[[ Input for this task open ]]

(* Let $f_0\colon X\hookrightarrow Y_0$ and $f_1\colon X\hookrightarrow Y_1$ be embeddings in $\mathbf{MetCH_{sep}}$ and let $\lambda_0\colon Y_0\to P$, $\lambda_1\colon Y_1\to P$ (with $\lambda_0\circ f_0=\lambda_1\circ f_1$) be their pushout in $\mathbf{MetCH_{sep}}$. Then for all $i,j\in\{0,1\}$, $u\in Y_i$, $v\in Y_j$: $$d_P(\lambda_i(u),\lambda_j(v))=\begin{cases} d_{Y_i}(u,v) & \text{if } i=j,\\ \inf_{x\in X}\big(d_{Y_i}(u,f_i(x))+d_{Y_j}(f_j(x),v)\big) & \text{if } i\neq j.\end{cases}$$
   Context: A metric on a set $X$ is a map $d\colon X\times X\to[0,\infty]$ with $d(x,x)=0$ and $d(x,z)\le d(x,y)+d(y,z)$ (not necessarily symmetric, $\infty$ allowed); separated means $d(x,y)=0=d(y,x)$ implies $x=y$. A separated metric compact Hausdorff space is a compact Hausdorff space with a separated metric $d\colon X\times X\to[0,\infty]$ continuous with respect to the upper topology on $[0,\infty]$ (open sets $]u,\infty]$, plus $\emptyset$ and $[0,\infty]$). $\mathbf{MetCH_{sep}}$: these spaces with continuous non-expansive maps as morphisms. An embedding is an injective morphism $f$ with $d_X(x,y)=d_Y(f(x),f(y))$ for all $x,y$. *)

From HB Require Import structures.
From mathcomp Require Import all_boot all_order all_algebra.
From mathcomp Require Import all_classical all_reals all_analysis.
Set Implicit Arguments. Unset Strict Implicit. Unset Printing Implicit Defensive.
Import Order.TTheory GRing.Theory Num.Theory.
Local Open Scope classical_set_scope.
Local Open Scope ring_scope.
Local Open Scope ereal_scope.

(* Objects of MetCH_sep: compact Hausdorff spaces with a separated
   (possibly asymmetric, possibly infinite) metric d : X*X -> [0,+oo]
   which is continuous for the upper topology on [0,+oo], i.e.
   {(x,y) | u < d(x,y)} is open in X*X for every u. *)
Record metch (R : realType) := MetCH {
  mc_car :> topologicalType;
  mc_d : mc_car -> mc_car -> \bar R;
  mc_hausdorff : hausdorff_space mc_car;
  mc_compact : compact [set: mc_car];
  mc_d_ge0 : forall x y, 0 <= mc_d x y;
  mc_d_refl : forall x, mc_d x x = 0;
  mc_d_tri : forall x y z, mc_d x z <= mc_d x y + mc_d y z;
  mc_d_sep : forall x y, mc_d x y = 0 -> mc_d y x = 0 -> x = y;
  mc_d_usc : forall u : R, open [set p : mc_car * mc_car | u%:E < mc_d p.1 p.2]
}.
Lemma uN_conj_D b g0 :
  opmul (opmul uN (tens (fun=> permop (Dperm b g0)))) (opadjb b uN)
  = tens (fun i : 'I_n.+1 => if i == ord_max then permop (Dperm b g0) else @op1 gT).
Proof.
pose r (i : 'I_n.+1) := if i == ord_max then Dperm b g0 else tilde b.
have divl_last_Dperm c : divl_last [ffun i => Dperm b g0 (mull_last c i)]
                  = [ffun i => r i (c i)].
  apply/ffunP => i; rewrite /divl_last /mull_last /r.
  case: (eqVneq i ord_max) => [-> | neq_i]; rewrite !ffunE ?eqxx ?(negPf neq_i) //.
  by rewrite /Dperm tildeM (mulgA g0) mulKg.
rewrite (tens_permop (fun=> Dperm b g0)) /uN.
rewrite (conjugate_permop _ _ mull_lastK divl_last_Dperm).
rewrite -(tens_permop r) opadjb_tens !tens_mul; congr tens.
apply: functional_extensionality => i; rewrite /r.
by case: (i == ord_max); rewrite ?mul1op ?opadjb_op1 ?mulop1 ?u2_local.
Qed.

End Copies.
End Representation.

Lemma id_tens_last_tens (gT : finGroupType) n (X : op gT) b :
  id_tens_last n (X, b)
  = (tens (fun i : 'I_n.+1 => if i == ord_max then X else @op1 gT), b).
Proof.
congr (_, _); apply: opext => x y; rewrite /tens big_ord_recr /= eqxx.
congr (_ * _); apply: eq_bigr => i _.
by rewrite (_ : widen_ord _ i == ord_max = false) // -val_eqE /= ltn_eqF.
Qed.

Theorem mainTheorem7 (gT : finGroupType) (tl : gT -> gT)
  (tl_morph : forall x y : gT, tl (x * y)%g = (tl x * tl y)%g)
  (tl_invol : forall x : gT, tl (tl x) = x) :
  unitary (u tl)
  /\ (forall x : gT * bool,
        acomp (acomp (lin (u tl)) (akron (D tl x) (D tl x))) (lin (opadj (u tl)))
        = akron (lin (@op1 gT)) (D tl x))
  /\ (forall n : nat, exists W : op {ffun 'I_n.+1 -> gT},
        unitary W /\
        forall x : gT * bool,
          acomp (acomp (lin W) (tpow n.+1 (D tl x))) (lin (opadj W))
          = id_tens_last n (D tl x)).
Proof.
split; first exact: unitary_u.
split.
  move=> [g0 b]; rewrite D_permop /acomp /akron /lin /= orbb addbF.
  by congr (_, _); exact: (u_conj_D tl_morph tl_invol b g0).
move=> n; exists (uN tl (n := n)); split; first exact: unitary_uN.
move=> [g0 b]; rewrite D_permop id_tens_last_tens /acomp /lin /tpow /= addbF.
by congr (_, _); exact: (uN_conj_D tl_morph tl_invol).
Qed.
Lemma sum_subset_setD1 (S : {set I}) i (F : {set I} -> R) : i \in S ->
  \sum_(B : {set I} | B \subset S) F B =
  \sum_(B : {set I} | B \subset S :\ i) (F B + F (i |: B)).
Proof.
move=> iS; rewrite big_split /= (bigID (fun B : {set I} => i \in B)) /= addrC.
congr (_ + _); first by apply: eq_bigl => B; rewrite subsetD1.
rewrite (reindex_onto (fun B => i |: B) (fun B => B :\ i)) /=; last first.
  by move=> B /andP[_ iB]; rewrite setD1K.
apply: eq_bigl => B; rewrite subsetD1 setU11 andbT subUset sub1set iS /=.
case iB: (i \in B); last by rewrite setU1K ?iB ?eqxx ?andbT.
rewrite andbF; apply/negbTE/negP => /andP[_ /eqP eB].
by move: iB; rewrite -eB !inE eqxx.
Qed.

Local Ltac set_by_cases :=
  apply/setP => ?; rewrite !inE; case: (_ == _); case: (_ \in _); case: (_ \in _).

Lemma four_functions_subset n (S : {set I}) (al be ga de : {set I} -> R) :
  #|S| = n ->
  (forall B, 0 <= al B) -> (forall B, 0 <= be B) ->
  (forall B, 0 <= ga B) -> (forall B, 0 <= de B) ->
  (forall B C, al B * be C <= ga (B :|: C) * de (B :&: C)) ->
  (\sum_(B : {set I} | B \subset S) al B) * (\sum_(B : {set I} | B \subset S) be B) <=
  (\sum_(B : {set I} | B \subset S) ga B) * (\sum_(B : {set I} | B \subset S) de B).
Proof.
elim: n S al be ga de => [|n IH] S al be ga de cardS al0 be0 ga0 de0 H.
  move/eqP: cardS; rewrite cards_eq0 => /eqP ->.
  have sum0 (F : {set I} -> R) : \sum_(B : {set I} | B \subset set0) F B = F set0.
    by rewrite (eq_bigl (pred1 set0)) ?big_pred1_eq // => B; rewrite subset0.
  by rewrite !sum0; have := H set0 set0; rewrite setU0 setI0.
have [i iS] : exists i, i \in S by apply/set0Pn; rewrite -cards_eq0 cardS.
have cardSi : #|S :\ i| = n by move: cardS; rewrite (cardsD1 i) iS add1n => -[].
have sum_setD1_notin (F : {set I} -> R) :
    \sum_(B : {set I} | B \subset S :\ i) (F B + F (i |: B)) =
    \sum_(B : {set I} | B \subset S :\ i) (F (B :\ i) + F (i |: B)).
  apply: eq_bigr => B; rewrite subsetD1 => /andP[_ iB].
  by rewrite (setDidPl _) // disjoint_sym disjoints1.
rewrite !(sum_subset_setD1 _ iS) !sum_setD1_notin.
apply: IH => // [B|B|B|B|B C]; rewrite ?addr_ge0 //.
apply: four_functions_bool; rewrite ?al0 ?be0 ?ga0 ?de0 //.
- by rewrite setDUl setDIl.
- have -> : i |: (B :|: C) = (i |: B) :|: (i |: C) by set_by_cases.
  have -> : i |: (B :&: C) = (i |: B) :&: (i |: C) by set_by_cases.
  exact: H.
- have -> : i |: (B :|: C) = (B :\ i) :|: (i |: C) by set_by_cases.
  have -> : (B :&: C) :\ i = (B :\ i) :&: (i |: C) by set_by_cases.
  exact: H.
- have -> : i |: (B :|: C) = (i |: B) :|: (C :\ i) by set_by_cases.
  have -> : (B :&: C) :\ i = (i |: B) :&: (C :\ i) by set_by_cases.
  exact: H.
Qed.

Theorem four_functions (al be ga de : {set I} -> R) :
  (forall B, 0 <= al B) -> (forall B, 0 <= be B) ->
  (forall B, 0 <= ga B) -> (forall B, 0 <= de B) ->
  (forall B C, al B * be C <= ga (B :|: C) * de (B :&: C)) ->
  (\sum_B al B) * (\sum_B be B) <= (\sum_B ga B) * (\sum_B de B).
Proof.
have subsetT_sum (F : {set I} -> R) :
  \sum_B F B = \sum_(B : {set I} | B \subset setT) F B.
  by apply: eq_bigl => B; rewrite subsetT.
by rewrite !subsetT_sum; apply: four_functions_subset.
Qed.

End FourFunctions.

[[ Input for this task closed ]]

Task item: Starting at the line above that contains "congr (_ + _);", write out each line exactly until the line that contains "move/eqP: cardS; rewrite" has been written, and stop there.

Reply to the task:
congr (_ + _); first by apply: eq_bigl => B; rewrite subsetD1.
rewrite (reindex_onto (fun B => i |: B) (fun B => B :\ i)) /=; last first.
  by move=> B /andP[_ iB]; rewrite setD1K.
apply: eq_bigl => B; rewrite subsetD1 setU11 andbT subUset sub1set iS /=.
case iB: (i \in B); last by rewrite setU1K ?iB ?eqxx ?andbT.
rewrite andbF; apply/negbTE/negP => /andP[_ /eqP eB].
by move: iB; rewrite -eB !inE eqxx.
Qed.

Local Ltac set_by_cases :=
  apply/setP => ?; rewrite !inE; case: (_ == _); case: (_ \in _); case: (_ \in _).

Lemma four_functions_subset n (S : {set I}) (al be ga de : {set I} -> R) :
  #|S| = n ->
  (forall B, 0 <= al B) -> (forall B, 0 <= be B) ->
  (forall B, 0 <= ga B) -> (forall B, 0 <= de B) ->
  (forall B C, al B * be C <= ga (B :|: C) * de (B :&: C)) ->
  (\sum_(B : {set I} | B \subset S) al B) * (\sum_(B : {set I} | B \subset S) be B) <=
  (\sum_(B : {set I} | B \subset S) ga B) * (\sum_(B : {set I} | B \subset S) de B).
Proof.
elim: n S al be ga de => [|n IH] S al be ga de cardS al0 be0 ga0 de0 H.
  move/eqP: cardS; rewrite cards_eq0 => /eqP ->.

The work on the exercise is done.